### Activity:
Pull out all lines from the listing below in which the word "Definition" appears.

### Given data:
(* ∂^r_r : (b•c)∘a ≅ (b•c)∘(1•a) --ζ--> (b∘1)•(c∘a) ≅ b•(c∘a) *)
Definition dist_rr (D : DuoidalData) (N : NormalStructure D) (a b c : dcat D)
  : Hom (oc D (ob D b c) a) (ob D b (oc D c a)) :=
  obm D (rho (circ D) b ⋅ ocm D (idm b) (iotai N)) (idm (oc D c a))
  ⋅ zeta b c (one D) a ⋅ ocm D (idm (ob D b c)) (lami (bul D) a).
Arguments dist_ll {D} N a b c.
Arguments dist_lr {D} N a b c.
Arguments dist_rl {D} N a b c.
Arguments dist_rr {D} N a b c.


(* Each distributor is a composite of an inverse unitor of [•], a component
   of [zeta], and a unitor of [∘] precomposed with [iota^-1].  Each piece
   commutes with the opmonoidal structure maps of [T]: the unitors because [T]
   is opmonoidal for both tensors, [zeta] by the double-opmonoidal axiom, and
   [iota^-1] as the inverse of the [iota] axiom.  Pasting the three commuting
   squares gives the result. *)

Section CategoryLaws.
Context {C : Category}.

Lemma compA {a b c d : C} (h : Hom c d) (g : Hom b c) (f : Hom a b) :
  h ⋅ (g ⋅ f) = h ⋅ g ⋅ f.
Proof. exact (comp_assoc _ (claws C) _ _ _ _ h g f). Qed.

Lemma idm_comp {a b : C} (f : Hom a b) : idm b ⋅ f = f.
Proof. exact (comp_idl _ (claws C) _ _ f). Qed.

Lemma comp_idm {a b : C} (f : Hom a b) : f ⋅ idm a = f.
Proof. exact (comp_idr _ (claws C) _ _ f). Qed.

End CategoryLaws.

Section Squares.
Context {C : Category} {T : MonadData C}.
Hypothesis HT : IsMonad T.

Definition Tsquare {x y X Y : C} (hx : Hom (T x) X) (hy : Hom (T y) Y)
    (f : Hom x y) (g : Hom X Y) : Prop :=
  hy ⋅ T1 T f = g ⋅ hx.

Lemma Tsquare_id {x X : C} (h : Hom (T x) X) : Tsquare h h (idm x) (idm X).
Proof.
  unfold Tsquare; rewrite (T1_id _ _ HT), comp_idm, idm_comp; reflexivity.
Qed.

Lemma Tsquare_comp {x y z X Y Z : C} (hx : Hom (T x) X) (hy : Hom (T y) Y)
    (hz : Hom (T z) Z) (f : Hom x y) (f' : Hom y z) (g : Hom X Y) (g' : Hom Y Z) :
  Tsquare hx hy f g -> Tsquare hy hz f' g' -> Tsquare hx hz (f' ⋅ f) (g' ⋅ g).
Proof.
  unfold Tsquare; intros Hf Hf'.
  rewrite (T1_comp _ _ HT), compA, Hf', <- compA, Hf, compA; reflexivity.
Qed.

Lemma Tsquare_inv {x y X Y : C} (hx : Hom (T x) X) (hy : Hom (T y) Y)
    (f : Hom x y) (fi : Hom y x) (g : Hom X Y) (gi : Hom Y X) :
  f ⋅ fi = idm y -> gi ⋅ g = idm X ->
  Tsquare hx hy f g -> Tsquare hy hx fi gi.
Proof.
  unfold Tsquare; intros Hf Hg Hsq.
  rewrite <- (idm_comp (hx ⋅ _)), <- Hg, <- !compA, (compA g), <- Hsq,
    <- compA, <- (T1_comp _ _ HT), Hf, (T1_id _ _ HT), comp_idm; reflexivity.
Qed.

End Squares.

Section MonoidalSquares.
Context {C : Category} {M : Monoidal C} {T : MonadData C}.
Hypothesis HT : IsMonad T.
Context {B : OpmonData M T}.
Hypothesis HB : IsBimonad B.

Lemma tensm_idm_comp {a b X : C} (h : Hom X (tens M a b)) :
  tensm M (idm a) (idm b) ⋅ h = h.
Proof. rewrite (tens_id _ _ (mlaws _ M)); apply idm_comp. Qed.

Lemma Tsquare_tensm {x x' y y' X X' Y Y' : C}
    (P : Hom (T x) X) (P' : Hom (T x') X') (Q : Hom (T y) Y) (Q' : Hom (T y') Y')
    (f : Hom x x') (f' : Hom X X') (g : Hom y y') (g' : Hom Y Y') :
  Tsquare P P' f f' -> Tsquare Q Q' g g' ->
  Tsquare (tensm M P Q ⋅ op2 B x y) (tensm M P' Q' ⋅ op2 B x' y')
          (tensm M f g) (tensm M f' g').
Proof.
  unfold Tsquare; intros Hf Hg.
  rewrite <- compA, (op2_nat _ _ _ _ HB), compA, <- (tens_comp _ _ (mlaws _ M)),
    Hf, Hg, (tens_comp _ _ (mlaws _ M)), compA; reflexivity.
Qed.

Lemma Tsquare_lam (x : C) :
  Tsquare (tensm M (op0 B) (idm (T x)) ⋅ op2 B (munit M) x) (idm (T x))
          (lam M x) (lam M (T x)).
Proof.
  unfold Tsquare; rewrite idm_comp, compA; symmetry; apply (op_lunit _ _ _ _ HB).
Qed.

Lemma Tsquare_rho (x : C) :
  Tsquare (tensm M (idm (T x)) (op0 B) ⋅ op2 B x (munit M)) (idm (T x))
          (rho M x) (rho M (T x)).
Proof.
  unfold Tsquare; rewrite idm_comp, compA; symmetry; apply (op_runit _ _ _ _ HB).
Qed.

Lemma Tsquare_lami (x : C) :
  Tsquare (idm (T x)) (tensm M (op0 B) (idm (T x)) ⋅ op2 B (munit M) x)
          (lami M x) (lami M (T x)).
Proof.
  apply (Tsquare_inv HT) with (f := lam M x) (g := lam M (T x));
    [ apply (lam_inv1 _ _ (mlaws _ M)) | apply (lam_inv2 _ _ (mlaws _ M))
    | apply Tsquare_lam ].
Qed.

Lemma Tsquare_rhoi (x : C) :
  Tsquare (idm (T x)) (tensm M (idm (T x)) (op0 B) ⋅ op2 B x (munit M))
          (rhoi M x) (rhoi M (T x)).
Proof.
  apply (Tsquare_inv HT) with (f := rho M x) (g := rho M (T x));
    [ apply (rho_inv1 _ _ (mlaws _ M)) | apply (rho_inv2 _ _ (mlaws _ M))
    | apply Tsquare_rho ].
Qed.

End MonoidalSquares.

Section DuoidalSquares.
Variable D : Duoidal.
Variable N : NormalStructure D.
Variable T : DoubleOpmonoidalMonad D.

Let HT := dmon_laws D T.
Let HTb := Tbul_laws D T.
Let HTc := Tcirc_laws D T.

Lemma Tsquare_zeta {x y a b x' y' a' b' : dcat D}
    (p : Hom (T x) x') (q : Hom (T y) y') (r : Hom (T a) a') (s : Hom (T b) b') :
  Tsquare (ocm D (obm D p q ⋅ op2 (Tbul T) x y) (obm D r s ⋅ op2 (Tbul T) a b)
             ⋅ op2 (Tcirc T) (ob D x y) (ob D a b))
          (obm D (ocm D p r ⋅ op2 (Tcirc T) x a) (ocm D q s ⋅ op2 (Tcirc T) y b)
             ⋅ op2 (Tbul T) (oc D x a) (oc D y b))
          (zeta x y a b) (zeta x' y' a' b').
Proof.
  pose proof (dm_zeta D T x y a b) as Hzeta.
  pose proof (zeta_nat D (dlaws D) _ _ _ _ _ _ _ _ p q r s) as Hnat.
  unfold Tsquare, ocm, obm, oc, ob in *.
  rewrite !(tens_comp _ _ (mlaws _ _)), <- !compA.
  rewrite <- !compA in Hzeta; rewrite <- Hzeta, !compA, Hnat; reflexivity.
Qed.

Lemma Tsquare_iotai :
  Tsquare (op0 (Tbul T)) (op0 (Tcirc T)) (iotai N) (iotai N).
Proof.
  apply (Tsquare_inv HT) with (f := iota) (g := iota);
    [ apply iota_inv1 | apply iota_inv2 | apply (dm_iota D T) ].
Qed.

Lemma Tsquare_lam_iotai (c : dcat D) :
  Tsquare (ocm D (op0 (Tbul T)) (idm (T c)) ⋅ op2 (Tcirc T) (one D) c) (idm (T c))
          (lam (circ D) c ⋅ ocm D (iotai N) (idm c))
          (lam (circ D) (T c) ⋅ ocm D (iotai N) (idm (T c))).
Proof.
  apply (Tsquare_comp HT)
    with (hy := ocm D (op0 (Tcirc T)) (idm (T c)) ⋅ op2 (Tcirc T) (bot D) c).
  - apply (Tsquare_tensm HTc); [ apply Tsquare_iotai | apply (Tsquare_id HT) ].
  - apply (Tsquare_lam HTc).
Qed.

Lemma Tsquare_rho_iotai (c : dcat D) :
  Tsquare (ocm D (idm (T c)) (op0 (Tbul T)) ⋅ op2 (Tcirc T) c (one D)) (idm (T c))
          (rho (circ D) c ⋅ ocm D (idm c) (iotai N))
          (rho (circ D) (T c) ⋅ ocm D (idm (T c)) (iotai N)).
Proof.
  apply (Tsquare_comp HT)
    with (hy := ocm D (idm (T c)) (op0 (Tcirc T)) ⋅ op2 (Tcirc T) c (bot D)).
  - apply (Tsquare_tensm HTc); [ apply (Tsquare_id HT) | apply Tsquare_iotai ].
  - apply (Tsquare_rho HTc).
Qed.

Lemma Tsquare_dist_ll (a b c : dcat D) :
  Tsquare (ocm D (idm (T a)) (op2 (Tbul T) b c) ⋅ op2 (Tcirc T) a (ob D b c))
          (obm D (op2 (Tcirc T) a b) (idm (T c)) ⋅ op2 (Tbul T) (oc D a b) c)
          (dist_ll N a b c) (dist_ll N (T a) (T b) (T c)).
Proof.
  unfold dist_ll.
  apply (Tsquare_comp HT) with (hy :=
    ocm D (obm D (idm (T a)) (op0 (Tbul T)) ⋅ op2 (Tbul T) a (one D))
          (obm D (idm (T b)) (idm (T c)) ⋅ op2 (Tbul T) b c)
      ⋅ op2 (Tcirc T) (ob D a (one D)) (ob D b c)).
  - apply (Tsquare_tensm HTc); [ apply (Tsquare_rhoi HT HTb) | ].
    unfold obm; rewrite tensm_idm_comp; apply (Tsquare_id HT).
  - apply (Tsquare_comp HT) with (hy :=
      obm D (ocm D (idm (T a)) (idm (T b)) ⋅ op2 (Tcirc T) a b)
            (ocm D (op0 (Tbul T)) (idm (T c)) ⋅ op2 (Tcirc T) (one D) c)
        ⋅ op2 (Tbul T) (oc D a b) (oc D (one D) c)).
    + apply Tsquare_zeta.
    + apply (Tsquare_tensm HTb); [ | apply Tsquare_lam_iotai ].
      unfold ocm; rewrite tensm_idm_comp; apply (Tsquare_id HT).
Qed.

Lemma Tsquare_dist_lr (a b c : dcat D) :
  Tsquare (ocm D (idm (T a)) (op2 (Tbul T) b c) ⋅ op2 (Tcirc T) a (ob D b c))
          (obm D (idm (T b)) (op2 (Tcirc T) a c) ⋅ op2 (Tbul T) b (oc D a c))
          (dist_lr N a b c) (dist_lr N (T a) (T b) (T c)).
Proof.
  unfold dist_lr.
  apply (Tsquare_comp HT) with (hy :=
    ocm D (obm D (op0 (Tbul T)) (idm (T a)) ⋅ op2 (Tbul T) (one D) a)
          (obm D (idm (T b)) (idm (T c)) ⋅ op2 (Tbul T) b c)
      ⋅ op2 (Tcirc T) (ob D (one D) a) (ob D b c)).
  - apply (Tsquare_tensm HTc); [ apply (Tsquare_lami HT HTb) | ].
    unfold obm; rewrite tensm_idm_comp; apply (Tsquare_id HT).
  - apply (Tsquare_comp HT) with (hy :=
      obm D (ocm D (op0 (Tbul T)) (idm (T b)) ⋅ op2 (Tcirc T) (one D) b)
            (ocm D (idm (T a)) (idm (T c)) ⋅ op2 (Tcirc T) a c)
        ⋅ op2 (Tbul T) (oc D (one D) b) (oc D a c)).
    + apply Tsquare_zeta.
    + apply (Tsquare_tensm HTb); [ apply Tsquare_lam_iotai | ].
      unfold ocm; rewrite tensm_idm_comp; apply (Tsquare_id HT).
Qed.

Lemma Tsquare_dist_rl (a b c : dcat D) :
  Tsquare (ocm D (op2 (Tbul T) b c) (idm (T a)) ⋅ op2 (Tcirc T) (ob D b c) a)
          (obm D (op2 (Tcirc T) b a) (idm (T c)) ⋅ op2 (Tbul T) (oc D b a) c)
          (dist_rl N a b c) (dist_rl N (T a) (T b) (T c)).
Proof.
  unfold dist_rl.
  apply (Tsquare_comp HT) with (hy :=
    ocm D (obm D (idm (T b)) (idm (T c)) ⋅ op2 (Tbul T) b c)
          (obm D (idm (T a)) (op0 (Tbul T)) ⋅ op2 (Tbul T) a (one D))
      ⋅ op2 (Tcirc T) (ob D b c) (ob D a (one D))).
  - apply (Tsquare_tensm HTc); [ | apply (Tsquare_rhoi HT HTb) ].
    unfold obm; rewrite tensm_idm_comp; apply (Tsquare_id HT).
  - apply (Tsquare_comp HT) with (hy :=
      obm D (ocm D (idm (T b)) (idm (T a)) ⋅ op2 (Tcirc T) b a)
            (ocm D (idm (T c)) (op0 (Tbul T)) ⋅ op2 (Tcirc T) c (one D))
        ⋅ op2 (Tbul T) (oc D b a) (oc D c (one D))).
    + apply Tsquare_zeta.
    + apply (Tsquare_tensm HTb); [ | apply Tsquare_rho_iotai ].
      unfold ocm; rewrite tensm_idm_comp; apply (Tsquare_id HT).
Qed.

Lemma Tsquare_dist_rr (a b c : dcat D) :
  Tsquare (ocm D (op2 (Tbul T) b c) (idm (T a)) ⋅ op2 (Tcirc T) (ob D b c) a)
          (obm D (idm (T b)) (op2 (Tcirc T) c a) ⋅ op2 (Tbul T) b (oc D c a))
          (dist_rr N a b c) (dist_rr N (T a) (T b) (T c)).
Proof.
  unfold dist_rr.
  apply (Tsquare_comp HT) with (hy :=
    ocm D (obm D (idm (T b)) (idm (T c)) ⋅ op2 (Tbul T) b c)
          (obm D (op0 (Tbul T)) (idm (T a)) ⋅ op2 (Tbul T) (one D) a)
      ⋅ op2 (Tcirc T) (ob D b c) (ob D (one D) a)).
  - apply (Tsquare_tensm HTc); [ | apply (Tsquare_lami HT HTb) ].
    unfold obm; rewrite tensm_idm_comp; apply (Tsquare_id HT).
  - apply (Tsquare_comp HT) with (hy :=
      obm D (ocm D (idm (T b)) (op0 (Tbul T)) ⋅ op2 (Tcirc T) b (one D))
            (ocm D (idm (T c)) (idm (T a)) ⋅ op2 (Tcirc T) c a)
        ⋅ op2 (Tbul T) (oc D b (one D)) (oc D c a)).
    + apply Tsquare_zeta.
    + apply (Tsquare_tensm HTb); [ apply Tsquare_rho_iotai | ].
      unfold ocm; rewrite tensm_idm_comp; apply (Tsquare_id HT).
Qed.

End DuoidalSquares.

Theorem mainTheorem4 (D : Duoidal) (N : NormalStructure D)
  (T : DoubleOpmonoidalMonad D) :
  forall a b c : dcat D,
    (* (1) *)
    obm D (op2 (Tcirc T) a b) (idm (T c)) ⋅ op2 (Tbul T) (oc D a b) c
      ⋅ T1 T (dist_ll N a b c)
    = dist_ll N (T a) (T b) (T c) ⋅ ocm D (idm (T a)) (op2 (Tbul T) b c)
      ⋅ op2 (Tcirc T) a (ob D b c)
 /\ (* (2) *)
    obm D (idm (T b)) (op2 (Tcirc T) c a) ⋅ op2 (Tbul T) b (oc D c a)
      ⋅ T1 T (dist_rr N a b c)
    = dist_rr N (T a) (T b) (T c) ⋅ ocm D (op2 (Tbul T) b c) (idm (T a))
      ⋅ op2 (Tcirc T) (ob D b c) a
 /\ (* (3) *)
    obm D (idm (T b)) (op2 (Tcirc T) a c) ⋅ op2 (Tbul T) b (oc D a c)
      ⋅ T1 T (dist_lr N a b c)
    = dist_lr N (T a) (T b) (T c) ⋅ ocm D (idm (T a)) (op2 (Tbul T) b c)
      ⋅ op2 (Tcirc T) a (ob D b c)
 /\ (* (4) *)
    obm D (op2 (Tcirc T) b a) (idm (T c)) ⋅ op2 (Tbul T) (oc D b a) c
      ⋅ T1 T (dist_rl N a b c)
    = dist_rl N (T a) (T b) (T c) ⋅ ocm D (op2 (Tbul T) b c) (idm (T a))
      ⋅ op2 (Tcirc T) (ob D b c) a.
Proof.
  intros a b c; repeat split.
  - rewrite <- (compA (dist_ll N _ _ _)); apply Tsquare_dist_ll.
  - rewrite <- (compA (dist_rr N _ _ _)); apply Tsquare_dist_rr.
  - rewrite <- (compA (dist_lr N _ _ _)); apply Tsquare_dist_lr.
  - rewrite <- (compA (dist_rl N _ _ _)); apply Tsquare_dist_rl.
Qed.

### Response:
Definition dist_rr (D : DuoidalData) (N : NormalStructure D) (a b c : dcat D)
Definition Tsquare {x y X Y : C} (hx : Hom (T x) X) (hy : Hom (T y) Y)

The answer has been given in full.